What does differ between these similar models then is the time scale for each, and the saturation market cap (which should be interpreted in terms of present-day dollars). The higher ultimate market cap requires a longer time scale to approach. It turns out that a higher ultimate market cap model actually has a somewhat lower fair value fit at present in the early portion of the S-curve, when compared to a lower ultimate market cap model.
In Figure 2 below, we show the price curves for the prior 13 block years and fair value projections for the next 17 block years for the $10 trillion and $30 trillion ultimate value models. One can see the clear bend in the $10 trillion model as it heads toward a saturation price somewhat shy of $500,000. The $30 trillion model reaches 63% of its saturation value after 27.6 block years; one can see the flattening starting near the right edge of the chart. On this linear scale, the actual historical price curve is hardly distinguishable.
Figure 2: Bitcoin price curves (derived from market cap and supply vs. time) for a $10 trillion model and a $30 trillion model. Currently we are at 12.82 block years elapsed. Note that the $10 trillion model saturates 5% below $500,000 as expected, relatively soon after its 23 Block year timescale determined from the regression. The $30 trillion model is headed toward $1.43 million per Bitcoin, but is taking longer than 30 block years (17 years from now) to reach $1.2 million. The ordinate is linear in scale.
The next figure, figure 3, shows price curves for all four models on a logarithmic scale. The models are close to one another out to 15 or 16 block years but then begin to diverge significantly. The ultimate model fair value price projections are roughly $150,000, $500,000, $1.5 million, and $5 million, respectively.

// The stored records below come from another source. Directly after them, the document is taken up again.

(* Relabel the points outside C one at a time: every intermediate labelling
   still agrees with L1 on the core C, hence is Tverberg. *)
Lemma core_walk (L1 L2 : T -> 'I_k.+1) (C : {set T}) :
  tverberg_core p L1 C -> {in C, L2 =1 L1} -> tverberg_walk (part L1) (part L2).
Proof.
move: {2}#|_| (erefl #|[set t | L1 t != L2 t]|) => N.
elim: N L1 => [|N IH] L1 diff_N L1_core L2_L1.
  have L1_L2 : L1 =1 L2.
    move=> t; apply/eqP; apply: contraT => Lt.
    by move/eqP: diff_N; rewrite cards_eq0 => /eqP/setP/(_ t); rewrite !inE Lt.
  by rewrite -(part_ext L1_L2); apply/walk_refl/tverberg_part/L1_core.
have /card_gt0P[t] : (0 < #|[set t | L1 t != L2 t]|)%N by rewrite diff_N.
rewrite inE => L1t_neq.
have tC : t \notin C by apply: contra L1t_neq => /L2_L1 ->.
pose L1' s := if s == t then L2 t else L1 s.
have L1'_L1 : {in ~: [set t], L1' =1 L1} by move=> s; rewrite !inE /L1' => /negbTE ->.
have C_t : {subset C <= ~: [set t]} by move=> s sC; rewrite !inE; apply: contraNneq tC => <-.
have L1'_core : tverberg_core p L1' C.
  by move=> L' L'_L1'; apply: L1_core => s sC; rewrite L'_L1' // L1'_L1 ?C_t.
apply: walk_trans (IH L1' _ L1'_core _).
- have L1_tv : tverberg_labelling p L1 := L1_core L1 (fun _ _ => erefl).
  have L1'_tv : tverberg_labelling p L1' := L1'_core L1' (fun _ _ => erefl).
  apply: walk_edge; try exact: tverberg_part.
  apply: (pdist_relabel (t := t)) L1_tv.1 L1'_tv.1 _ _; first by rewrite /L1' eqxx.
  by move=> s s_t; rewrite L1'_L1.
- have -> : [set s | L1' s != L2 s] = [set s | L1 s != L2 s] :\ t.
    by apply/setP => s; rewrite !inE /L1'; case: (eqVneq s t) => [->|]; rewrite ?eqxx.
  by apply/eqP; rewrite -eqSS -diff_N (cardsD1 t [set s | L1 s != L2 s]) !inE L1t_neq.
- by move=> s sC; rewrite L2_L1 // L1'_L1 ?C_t.
Qed.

Figure 3: Bitcoin price curves (converted from fitted market caps vs. time) for $3 trillion, $10 trillion, $30 trillion, and $100 trillion models respectively. The price scale for the ordinate is logarithmic. The models are closely similar until block year 15 (2.2 years from now) and then the lower final market cap models begin to diverge downward.
The last figure shows the details of the fit from StatPlus for the $30 trillion model. The transformed variable y = ln (-ln (1-f)) as described above is plotted against ln (block years elapsed). The green dashed lines show the 95% probability interval for the data.

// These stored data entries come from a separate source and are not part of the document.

(* Let $(a,b,c)\in\mathbb{R}^3\setminus\{(0,0,0)\}$, $A_1=(a,b,c)$ and $A_2=(-ae^{c},-be^{-c},-c)$ (the point on the translation curve through the origin and $A_1$ symmetric to $A_1$ with respect to the origin), and let $0<\alpha<\pi$. A point $P=(x,y,z)\in\mathbf{Sol}\setminus\{A_1,A_2\}$ belongs to the translation-like $\alpha$-isoptic surface of the translation-like segment $\overline{A_1A_2}$ if and only if $$\cos\alpha=\frac{e^{z}(x+ae^{c})(x-a)+e^{-z}(y+be^{-c})(y-b)+4\sinh\frac{z+c}{2}\sinh\frac{z-c}{2}}{\sqrt{e^{z+c}(x-a)^2+e^{-(z+c)}(y-b)^2+4\sinh^2\frac{z-c}{2}}\;\sqrt{e^{z-c}(x+ae^{c})^2+e^{-(z-c)}(y+be^{-c})^2+4\sinh^2\frac{z+c}{2}}}.$$
   Context: $\mathbf{Sol}$ is $\mathbb{R}^3$ with coordinates $(x,y,z)$, group law $(a,b,c)(x,y,z)=(x+ae^{-z},\,y+be^{z},\,z+c)$, and left-invariant metric $ds^2=e^{2z}dx^2+e^{-2z}dy^2+dz^2$. For $P=(p_1,p_2,p_3)$ let $T_P$ be the isometry $(X,Y,Z)\mapsto(p_1+Xe^{-p_3},\,p_2+Ye^{p_3},\,p_3+Z)$, which maps the origin to $P$. The translation curve starting at the origin with initial unit vector $(u,v,w)$ is $t\mapsto\big(-\tfrac{u}{w}(e^{-wt}-1),\tfrac{v}{w}(e^{wt}-1),wt\big)$ if $w\neq0$ and $t\mapsto(ut,vt,0)$ if $w=0$; every point of $\mathbf{Sol}$ lies on exactly one such curve from the origin (with $t\ge0$). The translation curve from $P$ to $Q$ is the image under $T_P$ of the translation curve from the origin to $T_P^{-1}(Q)$. A translation-like segment $\overline{A_1A_2}$ is the arc of a translation curve between $A_1$ and $A_2$ (only its endpoints matter here). The translation-like $\alpha$-isoptic surface of $\overline{A_1A_2}$ is the set of points $P\notin\{A_1,A_2\}$ such that the angle at $P$, measured with the metric at $P$, between the initial tangent vectors of the translation curves from $P$ to $A_1$ and from $P$ to $A_2$ equals $\alpha$. For $\alpha=\pi/2$ it is called the translation-like Thaloid. *)

From Stdlib Require Import Reals.
Open Scope R_scope.

(* Points of Sol = R^3 and tangent vectors, as triples (x, y, z). *)
Definition pt := (R * R * R)%type.

(* Translation curve from the origin with initial unit vector (u,v,w). *)
Definition tcurve (u v w t : R) : pt :=
  if Req_EM_T w 0 then (u * t, v * t, 0)
  else (- (u / w) * (exp (- w * t) - 1), (v / w) * (exp (w * t) - 1), w * t).

Definition T (P Q : pt) : pt :=
  let '(p1, p2, p3) := P in let '(X, Y, Z) := Q in
  (p1 + X * exp (- p3), p2 + Y * exp p3, p3 + Z).

Definition Tinv (P Q : pt) : pt :=
  let '(p1, p2, p3) := P in let '(q1, q2, q3) := Q in
  ((q1 - p1) * exp p3, (q2 - p2) * exp (- p3), q3 - p3).

Definition dT (P V : pt) : pt :=
  let '(p1, p2, p3) := P in let '(u, v, w) := V in
  (u * exp (- p3), v * exp p3, w).

Definition init_dir_origin (Q d : pt) : Prop :=
  let '(u, v, w) := d in
  u ^ 2 + v ^ 2 + w ^ 2 = 1 /\ exists t, 0 <= t /\ tcurve u v w t = Q.

(* V (tangent vector at P) is the initial tangent vector of the translation
   curve from P to Q, i.e. the image under T_P of the one from the origin
   to T_P^{-1}(Q). *)
Definition init_tangent (P Q V : pt) : Prop :=
  exists d, init_dir_origin (Tinv P Q) d /\ V = dT P d.

Definition gP (P V W : pt) : R :=
  let '(p1, p2, p3) := P in let '(v1, v2, v3) := V in let '(w1, w2, w3) := W in
  exp (2 * p3) * v1 * w1 + exp (- (2 * p3)) * v2 * w2 + v3 * w3.

Definition angleP (P V W : pt) : R :=
  acos (gP P V W / (sqrt (gP P V V) * sqrt (gP P W W))).

Definition isoptic (alpha : R) (A1 A2 P : pt) : Prop :=
  P <> A1 /\ P <> A2 /\
  exists V1 V2, init_tangent P A1 V1 /\ init_tangent P A2 V2 /\
                angleP P V1 V2 = alpha.

From Stdlib Require Import Reals Lra Psatz.
Open Scope R_scope.

(* The differential of T_P carries the Euclidean metric at the origin onto the
   metric at P, so the angle at P is the Euclidean angle between the initial
   directions at the origin of the translation curves to T_P^{-1}(A_1) and
   T_P^{-1}(A_2).  Along the translation curve with unit initial vector d, the
   point Q = (q1, q2, q3) reached at time t >= 0 satisfies
   (q1 e^{q3/2}, q2 e^{-q3/2}, 2 sinh (q3/2)) = chord(w, t) d with chord >= 0,
   so this vector, normalized, is the initial direction towards Q; the stated
   formula is the cosine of the angle between two such vectors. *)

Definition dot (V W : pt) : R :=
  let '(v1, v2, v3) := V in let '(w1, w2, w3) := W in v1 * w1 + v2 * w2 + v3 * w3.

Definition vnorm (V : pt) : R := sqrt (dot V V).

Definition vscale (k : R) (V : pt) : pt :=
  let '(v1, v2, v3) := V in (k * v1, k * v2, k * v3).

Definition normalize (V : pt) : pt := vscale (/ vnorm V) V.

Definition cos_angle (V W : pt) : R := dot V W / (vnorm V * vnorm W).

Definition chord (w t : R) : R :=
  if Req_EM_T w 0 then t else 2 * sinh (w * t / 2) / w.

Definition tdir (Q : pt) : pt :=
  let '(q1, q2, q3) := Q in
  (q1 * exp (q3 / 2), q2 * exp (- (q3 / 2)), 2 * sinh (q3 / 2)).

Lemma sinh_opp x : sinh (- x) = - sinh x.
Proof. unfold sinh. rewrite Ropp_involutive. field. Qed.

Lemma sinh_neq0 x : x <> 0 -> sinh x <> 0.
Proof.
  intro Hx. rewrite <- sinh_0.
  destruct (Rdichotomy _ _ Hx) as [H | H]; apply sinh_lt in H; lra.
Qed.

Lemma mult_sinh_ge0 x : 0 <= x * sinh x.
Proof.
  destruct (Rtotal_order x 0) as [H | [-> | H]].
  - assert (sinh x < 0) by (rewrite <- sinh_0; now apply sinh_lt). nra.
  - lra.
  - assert (0 < sinh x) by (rewrite <- sinh_0; now apply sinh_lt). nra.
Qed.

Lemma exp_half_sqr x : exp (x / 2) * exp (x / 2) = exp x.
Proof. rewrite <- exp_plus. f_equal. field. Qed.

Lemma exp_half_inv x : exp (- (x / 2)) * exp (x / 2) = 1.
Proof. rewrite <- exp_plus, <- exp_0. f_equal. ring. Qed.

Lemma mult_chord w t : w * chord w t = 2 * sinh (w * t / 2).
Proof.
  unfold chord. destruct (Req_EM_T w 0) as [-> | Hw].
  - replace (0 * t / 2) with 0 by field. rewrite sinh_0. ring.
  - field. exact Hw.
Qed.

Lemma chord_ge0 w t : 0 <= t -> 0 <= chord w t.
Proof.
  intro Ht. unfold chord. destruct (Req_EM_T w 0) as [_ | Hw]; [exact Ht |].
  destruct (Req_dec t 0) as [-> | Ht0].
  - replace (w * 0 / 2) with 0 by field. rewrite sinh_0. lra.
  (* chord w t * (w^2 t) = 4 s sinh s  with  s = w t / 2 *)
  - assert (Hs := mult_sinh_ge0 (w * t / 2)).
    assert (E : 2 * sinh (w * t / 2) / w * (w * w * t) = 4 * (w * t / 2 * sinh (w * t / 2)))
      by (field; exact Hw).
    assert (0 < w * w * t) by (assert (0 < w * w) by nra; nra).
    nra.
Qed.

Lemma tcurve_chord u v w t :
  tcurve u v w t =
  (u * chord w t * exp (- (w * t / 2)), v * chord w t * exp (w * t / 2), w * t).
Proof.
  unfold tcurve, chord. destruct (Req_EM_T w 0) as [-> | Hw].
  - replace (0 * t / 2) with 0 by field. rewrite Ropp_0, exp_0, !Rmult_0_l.
    f_equal; f_equal; ring.
  - assert (HE := exp_pos (w * t / 2)).
    assert (Hinv : exp (- (w * t / 2)) = / exp (w * t / 2)) by apply exp_Ropp.
    assert (Hsq : exp (w * t) = exp (w * t / 2) * exp (w * t / 2))
      by (now rewrite exp_half_sqr).
    assert (Hneg : exp (- w * t) = / (exp (w * t / 2) * exp (w * t / 2)))
      by (rewrite <- Hsq, <- exp_Ropp; f_equal; ring).
    unfold sinh. rewrite Hneg, Hsq, Hinv. f_equal; f_equal; field; lra.
Qed.

Lemma tdir_tcurve u v w t : tdir (tcurve u v w t) = vscale (chord w t) (u, v, w).
Proof.
  rewrite tcurve_chord. simpl. rewrite <- mult_chord.
  rewrite !Rmult_assoc, exp_half_inv, (Rmult_comm (exp (w * t / 2))), exp_half_inv.
  f_equal; [f_equal |]; ring.
Qed.

Lemma dot_normalize V W : 0 < dot V V -> 0 < dot W W ->
  dot (normalize V) (normalize W) = cos_angle V W.
Proof.
  unfold normalize, cos_angle, vnorm. intros HV HW.
  assert (0 < sqrt (dot V V)) by (apply sqrt_lt_R0; lra).
  assert (0 < sqrt (dot W W)) by (apply sqrt_lt_R0; lra).
  destruct V as [[v1 v2] v3], W as [[w1 w2] w3]. simpl in *. field. split; lra.
Qed.

Lemma normalize_unit V : 0 < dot V V -> dot (normalize V) (normalize V) = 1.
Proof.
  intro HV. rewrite dot_normalize by exact HV. unfold cos_angle, vnorm.
  rewrite sqrt_sqrt by lra. field. lra.
Qed.

Lemma normalize_vscale d l : dot d d = 1 -> 0 < l -> normalize (vscale l d) = d.
Proof.
  destruct d as [[u v] w]. unfold normalize, vnorm. simpl. intros Hd Hl.
  replace (l * u * (l * u) + l * v * (l * v) + l * w * (l * w)) with (l * l) by nra.
  rewrite sqrt_square by lra. f_equal; [f_equal |]; field; lra.
Qed.

Lemma unit_dot_bound d e : dot d d = 1 -> dot e e = 1 -> -1 <= dot d e <= 1.
Proof.
  destruct d as [[u v] w], e as [[u' v'] w']. simpl. intros Hd He.
  assert (0 <= (u - u') ^ 2 + (v - v') ^ 2 + (w - w') ^ 2) by
    (apply Rplus_le_le_0_compat; [apply Rplus_le_le_0_compat |]; apply pow2_ge_0).
  assert (0 <= (u + u') ^ 2 + (v + v') ^ 2 + (w + w') ^ 2) by
    (apply Rplus_le_le_0_compat; [apply Rplus_le_le_0_compat |]; apply pow2_ge_0).
  split; nra.
Qed.

Lemma gP_dT P d e : gP P (dT P d) (dT P e) = dot d e.
Proof.
  destruct P as [[p1 p2] p3], d as [[u v] w], e as [[u' v'] w']. simpl.
  rewrite <- (exp_half_sqr (2 * p3)), (exp_Ropp (2 * p3)), <- (exp_half_sqr (2 * p3)).
  replace (2 * p3 / 2) with p3 by field. rewrite exp_Ropp.
  field. apply Rgt_not_eq, exp_pos.
Qed.

Lemma angleP_dT P d e : dot d d = 1 -> dot e e = 1 ->
  angleP P (dT P d) (dT P e) = acos (dot d e).
Proof.
  intros Hd He. unfold angleP. rewrite !gP_dT, Hd, He, sqrt_1, Rmult_1_r, Rdiv_1_r.
  reflexivity.
Qed.

Lemma tdir_dot_pos Q : Q <> (0, 0, 0) -> 0 < dot (tdir Q) (tdir Q).
Proof.
  destruct Q as [[q1 q2] q3]. simpl. intro HQ.
  assert (0 <= q1 * exp (q3 / 2) * (q1 * exp (q3 / 2))) by nra.
  assert (0 <= q2 * exp (- (q3 / 2)) * (q2 * exp (- (q3 / 2)))) by nra.
  destruct (Req_dec q3 0) as [-> | Hq3].
  - replace (0 / 2) with 0 by field. rewrite Ropp_0, exp_0, sinh_0.
    destruct (Req_dec q1 0) as [-> | Hq1]; [destruct (Req_dec q2 0) as [-> | Hq2] |].
    + contradiction.
    + nra.
    + nra.
  - assert (sinh (q3 / 2) <> 0) by (apply sinh_neq0; lra). nra.
Qed.

Lemma init_dir_origin_unique Q d : Q <> (0, 0, 0) ->
  init_dir_origin Q d -> d = normalize (tdir Q).
Proof.
  destruct d as [[u v] w]. intros HQ [Hd [t [Ht HQt]]].
  assert (Hpos := tdir_dot_pos Q HQ).
  rewrite <- HQt, tdir_tcurve in Hpos |- *.
  assert (Hl := chord_ge0 w t Ht).
  assert (chord w t <> 0) by (intro Hl0; rewrite Hl0 in Hpos; simpl in Hpos; lra).
  rewrite normalize_vscale; [reflexivity | simpl; nra | lra].
Qed.

Lemma init_dir_origin_tdir Q : Q <> (0, 0, 0) ->
  init_dir_origin Q (normalize (tdir Q)).
Proof.
  intro HQ. assert (Hpos := tdir_dot_pos Q HQ). assert (Hunit := normalize_unit _ Hpos).
  destruct Q as [[q1 q2] q3].
  unfold normalize in *. set (N := vnorm _) in *.
  assert (HN : 0 < N) by (apply sqrt_lt_R0; exact Hpos).
  simpl in Hunit |- *. split; [lra |].
  set (w := / N * (2 * sinh (q3 / 2))).
  assert (Hreach : forall t, 0 <= t -> w * t = q3 -> chord w t = N ->
    exists t, 0 <= t /\ tcurve (/ N * (q1 * exp (q3 / 2))) (/ N * (q2 * exp (- (q3 / 2)))) w t
                        = (q1, q2, q3)).
  { intros t Ht Hwt Hchord. exists t. split; [exact Ht |].
    rewrite tcurve_chord, Hwt, Hchord.
    assert (He : exp (q3 / 2) <> 0) by apply Rgt_not_eq, exp_pos.
    rewrite exp_Ropp. f_equal; f_equal; field; split; assumption || lra. }
  destruct (Req_EM_T q3 0) as [Hq3 | Hq3].
  - apply (Hreach N); [lra | | ].
    + unfold w. rewrite Hq3. replace (0 / 2) with 0 by field. rewrite sinh_0. ring.
    + unfold chord. destruct (Req_EM_T w 0) as [_ | Hw]; [reflexivity |].
      exfalso. apply Hw. unfold w. rewrite Hq3. replace (0 / 2) with 0 by field. rewrite sinh_0. ring.
  - assert (Hs : sinh (q3 / 2) <> 0) by (apply sinh_neq0; lra).
    assert (Hw : w <> 0) by (unfold w; apply Rmult_integral_contrapositive; split;
                             [apply Rinv_neq_0_compat |]; lra).
    apply (Hreach (q3 / w)).
    + replace (q3 / w) with (q3 / 2 * sinh (q3 / 2) * (N / (sinh (q3 / 2) * sinh (q3 / 2))))
        by (unfold w; field; split; lra).
      apply Rmult_le_pos; [apply mult_sinh_ge0 |].
      apply Rlt_le, Rdiv_lt_0_compat; [exact HN |]. nra.
    + field. exact Hw.
    + unfold chord. destruct (Req_EM_T w 0) as [Hw0 | _]; [contradiction |].
      replace (w * (q3 / w) / 2) with (q3 / 2) by (field; exact Hw).
      unfold w. field. split; lra.
Qed.

Lemma Tinv_neq0 P Q : Q <> P -> Tinv P Q <> (0, 0, 0).
Proof.
  destruct P as [[p1 p2] p3], Q as [[q1 q2] q3]. simpl. intros HQ H0.
  injection H0 as H1 H2 H3. apply HQ.
  assert (exp p3 <> 0) by apply Rgt_not_eq, exp_pos.
  assert (exp (- p3) <> 0) by apply Rgt_not_eq, exp_pos.
  apply Rmult_integral in H1, H2.
  f_equal; [f_equal |]; lra.
Qed.

Lemma init_tangent_iff P Q V : Q <> P ->
  init_tangent P Q V <-> V = dT P (normalize (tdir (Tinv P Q))).
Proof.
  intro HQ. assert (HQ0 := Tinv_neq0 P Q HQ). split.
  - intros [d [Hd ->]]. now rewrite (init_dir_origin_unique _ d HQ0 Hd).
  - intros ->. exists (normalize (tdir (Tinv P Q))).
    split; [now apply init_dir_origin_tdir | reflexivity].
Qed.

Lemma isoptic_iff alpha A1 A2 P : 0 < alpha < PI -> P <> A1 -> P <> A2 ->
  isoptic alpha A1 A2 P <->
  cos alpha = cos_angle (tdir (Tinv P A1)) (tdir (Tinv P A2)).
Proof.
  intros Halpha H1 H2.
  assert (Hpos1 := tdir_dot_pos _ (Tinv_neq0 P A1 (not_eq_sym H1))).
  assert (Hpos2 := tdir_dot_pos _ (Tinv_neq0 P A2 (not_eq_sym H2))).
  rewrite <- (dot_normalize _ _ Hpos1 Hpos2).
  assert (Hu1 := normalize_unit _ Hpos1). assert (Hu2 := normalize_unit _ Hpos2).
  assert (Hangle := angleP_dT P _ _ Hu1 Hu2).
  unfold isoptic. split.
  - intros [_ [_ [V1 [V2 [HV1 [HV2 HV]]]]]].
    rewrite init_tangent_iff in HV1, HV2 by auto. subst V1 V2.
    rewrite <- HV, Hangle. now rewrite cos_acos by (apply unit_dot_bound; assumption).
  - intro Hcos. split; [exact H1 | split; [exact H2 |]].
    exists (dT P (normalize (tdir (Tinv P A1)))), (dT P (normalize (tdir (Tinv P A2)))).
    rewrite !init_tangent_iff by auto.
    split; [reflexivity | split; [reflexivity |]].
    rewrite Hangle, <- Hcos. apply acos_cos. lra.
Qed.

Lemma tdir_Tinv p1 p2 p3 q1 q2 q3 :
  tdir (Tinv (p1, p2, p3) (q1, q2, q3)) =
  ((q1 - p1) * exp ((p3 + q3) / 2), (q2 - p2) * exp (- ((p3 + q3) / 2)),
   2 * sinh ((q3 - p3) / 2)).
Proof.
  simpl. rewrite !Rmult_assoc, <- !exp_plus.
  replace (p3 + (q3 - p3) / 2) with ((p3 + q3) / 2) by field.
  replace (- p3 + - ((q3 - p3) / 2)) with (- ((p3 + q3) / 2)) by field.
  reflexivity.
Qed.

Lemma dot_tdir_Tinv p1 p2 p3 q1 q2 q3 r1 r2 r3 :
  dot (tdir (Tinv (p1, p2, p3) (q1, q2, q3))) (tdir (Tinv (p1, p2, p3) (r1, r2, r3))) =
  (q1 - p1) * (r1 - p1) * exp (p3 + (q3 + r3) / 2)
  + (q2 - p2) * (r2 - p2) * exp (- (p3 + (q3 + r3) / 2))
  + 4 * sinh ((q3 - p3) / 2) * sinh ((r3 - p3) / 2).
Proof.
  rewrite !tdir_Tinv. simpl.
  replace (p3 + (q3 + r3) / 2) with ((p3 + q3) / 2 + (p3 + r3) / 2) by field.
  rewrite Ropp_plus_distr, !exp_plus. ring.
Qed.

Theorem theorem4p1 (a b c alpha x y z : R) :
  (a, b, c) <> (0, 0, 0) ->
  0 < alpha < PI ->
  (x, y, z) <> (a, b, c) ->
  (x, y, z) <> (- a * exp c, - b * exp (- c), - c) ->
  (isoptic alpha (a, b, c) (- a * exp c, - b * exp (- c), - c) (x, y, z) <->
   cos alpha =
     (exp z * (x + a * exp c) * (x - a) + exp (- z) * (y + b * exp (- c)) * (y - b)
        + 4 * sinh ((z + c) / 2) * sinh ((z - c) / 2))
     / (sqrt (exp (z + c) * (x - a) ^ 2 + exp (- (z + c)) * (y - b) ^ 2
              + 4 * sinh ((z - c) / 2) ^ 2)
        * sqrt (exp (z - c) * (x + a * exp c) ^ 2 + exp (- (z - c)) * (y + b * exp (- c)) ^ 2
              + 4 * sinh ((z + c) / 2) ^ 2))).
Proof.
  (* The characterization does not need the segment to be nondegenerate. *)
  intros _ Halpha H1 H2.
  rewrite isoptic_iff by assumption.
  unfold cos_angle, vnorm. rewrite !dot_tdir_Tinv.
  replace (z + (c + - c) / 2) with z by field.
  replace (z + (c + c) / 2) with (z + c) by field.
  replace (z + (- c + - c) / 2) with (z - c) by field.
  replace ((c - z) / 2) with (- ((z - c) / 2)) by field.
  replace ((- c - z) / 2) with (- ((z + c) / 2)) by field.
  rewrite !sinh_opp.
  match goal with |- _ = ?X <-> _ = ?Y => replace X with Y; [reflexivity |] end.
  f_equal; [ring |]. f_equal; f_equal; ring.
Qed.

Figure 4: Fit of block monthly historical data using StatPlus for the $30 trillion ultimate market cap model. Here the ordinate y is the ln (-ln (1-f)) transformation described in the text. Despite the transformation the price run ups around each Halving are clearly visible. The green dashed lines are the 95% confidence interval for the data relative to the best model fit. The red dashed lines reflect the model uncertainty.
Bitcoin is not yet a teenager
Bitcoin is not yet a teenager, for a couple of more months in block year terms or ten more months in calendar year terms. These next seven years until it reaches age 20 block years are critical to its maturation and to its potential for capturing an ever greater share of value of the world’s assets. We would expect by the end of that interval to have a good sense as to whether Bitcoin will eventually achieve the $1 million price point.